### What you are asked to do
Would you go through the records below and copy each line with the string "Types"?

══════════════════════════════

(* Let $n$ be even and let $G$ be a $k$-regular graph on $n$ vertices with $\mu(G)<k$. Then $n\ge 3k-2$. If moreover $n\le 3k-1$, then $\mu(G)=k-1$.
   Context: All graphs are finite and simple. For a graph $G=(V,E)$ on $n$ vertices, a fractional vertex cover is a function $f:V\to[0,\infty)$ with $f(u)+f(v)\ge 1$ for every edge $uv\in E$; $\tau^*(G)$ denotes the minimum of $\sum_{v\in V}f(v)$ over all fractional vertex covers. For $E'\subseteq E$ let $G-E'=(V,E\setminus E')$. Define $\mu(G)=\min\{|E'| : E'\subseteq E,\ \tau^*(G-E')<n/2\}$. *)

From mathcomp Require Import all_boot all_order all_algebra.
From mathcomp Require Import boolp classical_sets reals.
Set Implicit Arguments. Unset Strict Implicit. Unset Printing Implicit Defensive.
Import Order.TTheory GRing.Theory Num.Theory.
Local Open Scope ring_scope.

Definition simple_graph (T : finType) (e : rel T) : Prop :=
  symmetric e /\ irreflexive e.

Definition edges (T : finType) (e : rel T) : {set {set T}} :=
  [set A : {set T} | [exists u, exists v, e u v && (A == [set u; v])]].

Definition regular (T : finType) (e : rel T) (k : nat) : Prop :=
  forall v : T, #|[set u | e v u]| = k.

Definition del_edges (T : finType) (e : rel T) (E' : {set {set T}}) : rel T :=
  fun u v => e u v && ([set u; v] \notin E').

Definition frac_cover (R : realType) (T : finType) (e : rel T) (f : T -> R) : Prop :=
  (forall v, 0 <= f v) /\ (forall u v, e u v -> 1 <= f u + f v).

(* tau*(G): the minimum (= infimum, attained) of the total weight of
   fractional vertex covers *)
Definition tau_star (R : realType) (T : finType) (e : rel T) : R :=
  inf (fun s : R => exists f : T -> R, frac_cover e f /\ s = \sum_(v : T) f v).

Definition mu_feasible (R : realType) (T : finType) (e : rel T) (E' : {set {set T}}) : Prop :=
  E' \subset edges e /\ tau_star R (del_edges e E') < (#|T|%:R / 2).

Definition mu_is (R : realType) (T : finType) (e : rel T) (m : nat) : Prop :=
  (exists E', mu_feasible R e E' /\ #|E'| = m) /\
  (forall E', mu_feasible R e E' -> (m <= #|E'|)%N).

(* Take a feasible E' with |E'| = m < k and a fractional cover f of G - E' of
   weight < n/2, and put h = f - 1/2.  Some threshold t > 0 has more vertices with
   h <= -t than with h >= t: otherwise cancelling the most negative value of h
   against a value at least as large, and repeating, shows sum h >= 0.  The two
   level sets S and N are disjoint, |N| < |S|, and every edge of G - E' leaving S
   ends in N, so all edges from S to the rest of the graph lie in E'.  Double
   counting degrees of the k-regular graph G over S, N and the remaining part R
   then forces |S| = |N| + 1, |R| > k (here n even is used) and
   (|N| + 1)(k - |N|) <= 2m, from which both bounds follow. *)

From mathcomp Require Import boolp classical_sets reals.
From mathcomp Require Import all_boot all_order all_algebra.
From mathcomp Require Import zify lra.

Set Implicit Arguments. Unset Strict Implicit. Unset Printing Implicit Defensive.
Import Order.TTheory GRing.Theory Num.Theory.

Section LevelSets.
Local Open Scope ring_scope.
Variables (R : realFieldType) (T : finType).
Implicit Types h : T -> R.

Definition below h t := [set v | h v <= - t].
Definition above h t := [set v | t <= h v].

Definition level_balanced h := forall t, 0 < t -> (#|below h t| <= #|above h t|)%N.

Definition transfer h v0 w : T -> R :=
  fun v => if v == v0 then 0 else if v == w then h w + h v0 else h v.

Section Transfer.
Variables (h : T -> R) (v0 w : T).
Hypotheses (v0_min : forall v, h v0 <= h v) (v0_lt0 : h v0 < 0) (w_ge : - h v0 <= h w).

Lemma transfer_neq : w != v0.
Proof. by apply: contraTneq w_ge => ->; rewrite -ltNge; move: v0_lt0; lra. Qed.

Lemma sum_transfer : \sum_v transfer h v0 w v = \sum_v h v.
Proof.
have wv0 := transfer_neq.
rewrite (bigD1 v0) //= [RHS](bigD1 v0) //= (bigD1 w) //= [in RHS](bigD1 w) //=.
rewrite /transfer eqxx (negbTE wv0) eqxx add0r addrA [h v0 + _]addrC.
congr (_ + _); apply: eq_bigr => v /andP[nv0 nw].
by rewrite (negbTE nv0) (negbTE nw).
Qed.

Lemma card_lt0_transfer :
  (#|[set v | (transfer h v0 w v < 0)%R]| < #|[set v | (h v < 0)%R]|)%N.
Proof.
rewrite (cardsD1 v0 [set v | h v < 0]) inE v0_lt0 add1n ltnS.
apply/subset_leq_card/subsetP => v; rewrite !inE /transfer.
case: eqVneq => [_|_]; first by rewrite ltxx.
by case: eqVneq => [->|//] /=; move: w_ge; lra.
Qed.

Lemma level_balanced_transfer : level_balanced h -> level_balanced (transfer h v0 w).
Proof.
move=> hb t t_gt0; case: (leP t (- h v0)) => [t_le | t_gt]; last first.
  suff -> : below (transfer h v0 w) t = set0 by rewrite cards0.
  apply/setP => v; rewrite !inE; apply/negbTE; rewrite -ltNge /transfer.
  case: eqVneq => [_|_]; first by move: t_gt0; lra.
  by case: eqVneq => [_|_]; move: (v0_min v) w_ge t_gt; lra.
have sub_below : below (transfer h v0 w) t \subset below h t :\ v0.
  apply/subsetP => v; rewrite !inE /transfer.
  case: eqVneq => [_|_] /=; first by move: t_gt0; lra.
  by case: eqVneq => [->|//]; move: t_gt0 w_ge; lra.
have sub_above : above h t :\ w \subset above (transfer h v0 w) t.
  apply/subsetP => v; rewrite !inE /transfer.
  case: eqVneq => [->|_] //=.
  by case: eqVneq => [->|//]; move: t_gt0 v0_lt0; lra.
have := hb t t_gt0.
rewrite (cardsD1 v0 (below h t)) (cardsD1 w (above h t)) !inE.
have -> : h v0 <= - t by move: t_le; lra.
have -> : t <= h w by move: t_le w_ge; lra.
rewrite !add1n ltnS => le_card.
exact: leq_trans (subset_leq_card sub_below) (leq_trans le_card (subset_leq_card sub_above)).
Qed.

End Transfer.

Lemma sum_ge0_level_balanced h : level_balanced h -> 0 <= \sum_v h v.
Proof.
have [n] := ubnP #|[set v | (h v < 0)%R]|; elim: n h => // n IH h /ltnSE lt_n hb.
case: (pickP (fun v => h v < 0)) => [v1 v1_lt0 | h_ge0]; last first.
  by apply: sumr_ge0 => v _; rewrite leNgt h_ge0.
have [v0 _ v0_min] := @arg_minP _ R T v1 predT h isT.
have {}v0_min v : h v0 <= h v by exact: v0_min.
have v0_lt0 : h v0 < 0 by apply: le_lt_trans (v0_min v1) v1_lt0.
have [w] : exists w, - h v0 <= h w.
  have : (0 < #|above h (- h v0)|)%N.
    apply: leq_trans (hb _ _); last by move: v0_lt0; lra.
    by apply/card_gt0P; exists v0; rewrite inE opprK.
  by case/card_gt0P => w; rewrite inE; exists w.
move=> w_ge; rewrite -(sum_transfer v0_lt0 w_ge).
apply: IH; first exact: leq_trans (card_lt0_transfer v0_lt0 w_ge) lt_n.
exact: level_balanced_transfer.
Qed.

End LevelSets.

Section FractionalCover.
Local Open Scope ring_scope.

Lemma deficient_set_of_tau_star_lt (R : realType) (T : finType) (g : rel T) :
  tau_star R g < #|T|%:R / 2 ->
  exists S N : {set T},
    [/\ [disjoint S & N], (#|N| < #|S|)%N & forall u v, u \in S -> g u v -> v \in N].
Proof.
move=> tau_lt.
have covers0 : ((fun s : R => exists f, frac_cover g f /\ s = \sum_v f v) !=set0)%classic.
  by exists (\sum_(v : T) 1); exists (fun=> 1); split=> //; split=> [v|u v _]; lra.
have [_ [f [[f_ge0 f_cover] ->]] sum_lt] := inf_lt covers0 tau_lt.
pose h v := f v - 2^-1.
have /existsNP[t /not_implyP[t_gt0 /negP]] : ~ level_balanced h.
  move=> /sum_ge0_level_balanced; apply/negP; rewrite -ltNge.
  by rewrite sumrB sumr_const -(mulr_natr (2^-1 : R)) mulrC subr_lt0.
rewrite -ltnNge => lt_card.
exists (below h t), (above h t); split => //.
- rewrite -setI_eq0; apply/eqP/setP => v; rewrite !inE; apply/negbTE/negP => /andP[].
  by move: t_gt0; lra.
- by move=> u v; rewrite !inE /h => hu /f_cover; move: hu; lra.
Qed.

End FractionalCover.

Section EdgeCount.
Variables (T : finType) (r : rel T).
Implicit Types A B C : {set T}.

Definition ecount A B : nat := \sum_(a in A) \sum_(b in B) r a b.

Lemma ecount_le_mul A B : ecount A B <= #|A| * #|B|.
Proof.
rewrite -sum_nat_const; apply: leq_sum => a _.
by rewrite -sum1_card; apply: leq_sum => b _; case: (r a b).
Qed.

Lemma ecount_irr_le A : irreflexive r -> ecount A A <= #|A| * #|A|.-1.
Proof.
move=> rirr; rewrite -sum_nat_const; apply: leq_sum => a aA.
rewrite (big_setD1 a aA) rirr (cardsD1 a A) aA -sum1_card.
by apply: leq_sum => b _; case: (r a b).
Qed.

Lemma ecountC A B : symmetric r -> ecount A B = ecount B A.
Proof.
move=> rsym; rewrite /ecount exchange_big.
by apply: eq_bigr => b _; apply: eq_bigr => a _; rewrite rsym.
Qed.

Lemma ecount_setIDl A B C : ecount A B = ecount (A :&: C) B + ecount (A :\: C) B.
Proof. exact: big_setID. Qed.

Lemma ecount_setIDr A B C : ecount A B = ecount A (B :&: C) + ecount A (B :\: C).
Proof. by rewrite /ecount -big_split; apply: eq_bigr => a _; apply: big_setID. Qed.

Lemma ecount_subset A A' B B' :
  A \subset A' -> B \subset B' -> ecount A B <= ecount A' B'.
Proof.
move=> /setIidPr sAA' /setIidPr sBB'.
rewrite [leqRHS](ecount_setIDl _ _ A) sAA' (ecount_setIDr A B' B) sBB'.
by rewrite -addnA leq_addr.
Qed.

End EdgeCount.

Lemma ecount_mono (T : finType) (r r' : rel T) (A B : {set T}) :
  (forall a b, a \in A -> b \in B -> r a b -> r' a b) -> ecount r A B <= ecount r' A B.
Proof.
move=> rr'; apply: leq_sum => a aA; apply: leq_sum => b bB.
by case: (r a b) (rr' a b aA bB) => // ->.
Qed.

Lemma sum_rel_card (T : finType) (r : rel T) a :
  \sum_(b in [set: T]) r a b = #|[set b | r a b]|.
Proof.
rewrite -sum1dep_card big_mkcond [RHS]big_mkcond.
by apply: eq_bigr => b _; rewrite inE; case: (r a b).
Qed.

Lemma ecount_regular (T : finType) (r : rel T) (A : {set T}) k :
  regular r k -> ecount r A [set: T] = #|A| * k.
Proof.
move=> rreg; rewrite -sum_nat_const; apply: eq_bigr => a _.
by rewrite sum_rel_card rreg.
Qed.

Definition removed (T : finType) (e : rel T) (E' : {set {set T}}) : rel T :=
  fun u v => e u v && ([set u; v] \in E').

Lemma removedC (T : finType) (e : rel T) (E' : {set {set T}}) :
  symmetric e -> symmetric (removed e E').
Proof. by move=> esym u v; rewrite /removed esym setUC. Qed.

Lemma sum_card_mem (T : finType) (F : {set {set T}}) :
  \sum_(u in [set: T]) #|[set A in F | u \in A]| = \sum_(A in F) #|A|.
Proof.
have sum_mem u : #|[set A in F | u \in A]| = \sum_(A in F) (u \in A).
  rewrite -sum1_card big_mkcond [RHS]big_mkcond.
  by apply: eq_bigr => A _; rewrite inE; case: (A \in F); case: (u \in A).
under eq_bigr do rewrite sum_mem.
rewrite exchange_big; apply: eq_bigr => A _.
rewrite -sum1_card big_mkcond [RHS]big_mkcond.
by apply: eq_bigr => u _; rewrite !inE; case: (u \in A).
Qed.

Lemma ecount_removed_le (T : finType) (e : rel T) (E' : {set {set T}}) :
  irreflexive e -> E' \subset edges e ->
  ecount (removed e E') [set: T] [set: T] <= 2 * #|E'|.
Proof.
move=> eirr Esub.
have deg_le u : \sum_(v in [set: T]) removed e E' u v <= #|[set A in E' | u \in A]|.
  rewrite sum_rel_card -(@card_in_imset _ _ (fun v => [set u; v])); last first.
    move=> v1 v2; rewrite !inE => /andP[euv1 _] _ eq12.
    have : v1 \in [set u; v2] by rewrite -eq12 set22.
    by rewrite !inE => /orP[/eqP v1u | /eqP //]; rewrite v1u eirr in euv1.
  apply/subset_leq_card/subsetP => ? /imsetP[v]; rewrite !inE => /andP[_ uvE] ->.
  by rewrite uvE set21.
apply: (@leq_trans (\sum_(u in [set: T]) #|[set A in E' | u \in A]|)).
  by apply: leq_sum => u _; exact: deg_le.
rewrite sum_card_mem mulnC -sum_nat_const; apply: leq_sum => A /(subsetP Esub).
by rewrite inE => /existsP[u /existsP[v /andP[_ /eqP ->]]]; rewrite cards2; case: (u != v).
Qed.

(* Q, D, X, W stand for the ordered edge counts e(S,N), e(N,R), e(S,V\N), e(S,R)
   and s, p, r for |S|, |N|, |R|, where V = S + N + R. *)
Lemma deficient_count_arith (k m s p r Q D X W : nat) :
  p < s -> m < k -> ~~ odd (s + p + r) ->
  s * k = Q + X -> Q <= s * p -> Q + D <= p * k -> r * k <= D + W + r * r.-1 ->
  X + W <= 2 * m -> X <= s * s.-1 + W ->
  3 * k - 2 <= s + p + r /\ (s + p + r <= 3 * k - 1 -> k - 1 <= m).
Proof.
move=> ltps ltmk even_n degS QS QN degR XW_le X_le.
have k_gt0 : 0 < k by lia.
have {ltps} s_eq : s = p.+1.
  have : (s - p) * k < 2 * k by rewrite mulnBl; lia.
  by rewrite ltn_pmul2r //; lia.
subst s.
have r_gt0 : 0 < r.
  by move: even_n; rewrite lt0n; apply: contraNneq => ->; rewrite addn0 addSn addnn /= odd_double.
have ltkr : k < r.
  have : r * k + 2 <= k + r * r.-1 by rewrite mulSn in degS; lia.
  case: (ltnP k r) => // lerk.
  have [j ->] : exists j, k = r + j by exists (k - r); lia.
  by case: r r_gt0 {degR even_n lerk} => // r' _ /=; nia.
have p_gt0 : 0 < p.
  by rewrite lt0n; apply/negP => /eqP p0; subst p; lia.
have degSp : p.+1 * (k - p) <= X by rewrite mulnBr; lia.
split.
- case: (leqP (k - 2) p) => [|ltpk]; first lia.
  have [p1 | p_ge2] : p = 1 \/ 1 < p by lia.
  + by subst p; lia.
  + have [j kE] : exists j, k = p + 3 + j by exists (k - p - 3); lia.
    subst k; rewrite -addnA addKn in degSp.
    have : p.+1 * (3 + j) <= 2 * (p + 2 + j) by lia.
    by clear -p_ge2; nia.
- move=> n_le; have [j kE] : exists j, k = p + 2 + j by exists (k - p - 2); lia.
  subst k; rewrite -addnA addKn in degSp.
  have : p.+1 * (2 + j) <= 2 * m by lia.
  by clear -p_gt0; nia.
Qed.

Section DeficientSet.
Variables (T : finType) (e : rel T) (k : nat) (E' : {set {set T}}) (S N : {set T}).
Hypotheses (esym : symmetric e) (eirr : irreflexive e) (ereg : regular e k).
Hypotheses (Esub : E' \subset edges e) (SN : [disjoint S & N]).
Hypothesis S_closed : forall u v, u \in S -> del_edges e E' u v -> v \in N.

Let R := ~: (S :|: N).

Lemma removed_out_of_S u v : u \in S -> v \notin N -> e u v -> removed e E' u v.
Proof.
move=> uS vN euv; rewrite /removed euv /=; apply: contraNT vN => vE.
by apply: S_closed uS _; rewrite /del_edges euv vE.
Qed.

Lemma setCN_S : ~: N :&: S = S.
Proof. by apply/setIidPr; rewrite -disjoints_subset. Qed.

Lemma setCN_R : ~: N :\: S = R.
Proof. by rewrite /R setCU setDE setIC. Qed.

Lemma card_deficient_partition : #|T| = #|S| + #|N| + #|R|.
Proof. by rewrite -(cardsC (S :|: N)) cardsU (disjoint_setI0 SN) cards0 subn0. Qed.

Lemma ecount_S_degree : #|S| * k = ecount e S N + ecount e S (~: N).
Proof. by rewrite -(ecount_regular S ereg) (ecount_setIDr _ _ _ N) setTI setTD. Qed.

Lemma ecount_N_degree : ecount e S N + ecount e N R <= #|N| * k.
Proof.
rewrite -(ecount_regular N ereg) (ecount_setIDr _ N [set: T] S) setTI setTD ecountC //.
by rewrite leq_add2l ecount_subset // /R setCU subsetIl.
Qed.

Lemma ecount_R_degree : #|R| * k <= ecount e N R + ecount e S R + #|R| * #|R|.-1.
Proof.
rewrite -(ecount_regular R ereg) (ecount_setIDr _ R [set: T] N) setTI setTD.
rewrite (ecount_setIDr _ R (~: N) S) setCN_S setCN_R !(ecountC _ R) // addnA.
by rewrite leq_add2l ecount_irr_le.
Qed.

Lemma ecount_S_inside : ecount e S (~: N) <= #|S| * #|S|.-1 + ecount e S R.
Proof.
by rewrite (ecount_setIDr _ S (~: N) S) setCN_S setCN_R leq_add2r ecount_irr_le.
Qed.

Lemma ecount_S_removed : ecount e S (~: N) + ecount e S R <= 2 * #|E'|.
Proof.
have R_subCS : R \subset ~: S by rewrite /R setCU subsetIl.
have S_removed (B : {set T}) : B \subset ~: N -> ecount e S B <= ecount (removed e E') S B.
  move=> /subsetP sBN; apply: ecount_mono => u v uS /sBN.
  by rewrite inE; exact: removed_out_of_S.
apply: leq_trans (ecount_removed_le eirr Esub).
rewrite (ecount_setIDl _ [set: T] [set: T] S) setTI setTD.
apply: leq_add; apply: leq_trans (S_removed _ _) _ => //.
- exact: ecount_subset.
- by rewrite /R setCS subsetUr.
- by rewrite ecountC; [apply: ecount_subset | exact: removedC].
Qed.

Lemma regular_deficient_bound : #|N| < #|S| -> #|E'| < k -> ~~ odd #|T| ->
  3 * k - 2 <= #|T| /\ (#|T| <= 3 * k - 1 -> k - 1 <= #|E'|).
Proof.
rewrite card_deficient_partition => ltNS ltEk even_n.
apply: (deficient_count_arith ltNS ltEk even_n ecount_S_degree) ecount_N_degree
  ecount_R_degree ecount_S_removed ecount_S_inside.
exact: ecount_le_mul.
Qed.

End DeficientSet.

Theorem lemma27 (R : realType) (T : finType) (e : rel T) (k m : nat) :
  simple_graph e -> ~~ odd #|T| -> regular e k ->
  mu_is R e m -> (m < k)%N ->
  (3 * k - 2 <= #|T|)%N /\ ((#|T| <= 3 * k - 1)%N -> m = (k - 1)%N).
Proof.
move=> [esym eirr] even_n ereg [[E' [[Esub tau_lt] <-]] _] ltEk.
have [S [N [SN ltNS S_closed]]] := deficient_set_of_tau_star_lt tau_lt.
have [lower upper] :=
  regular_deficient_bound esym eirr ereg Esub SN S_closed ltNS ltEk even_n.
by split=> // /upper; lia.
Qed.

══════════════════════════════

### Task output
Implicit Types h : T -> R.
Implicit Types A B C : {set T}.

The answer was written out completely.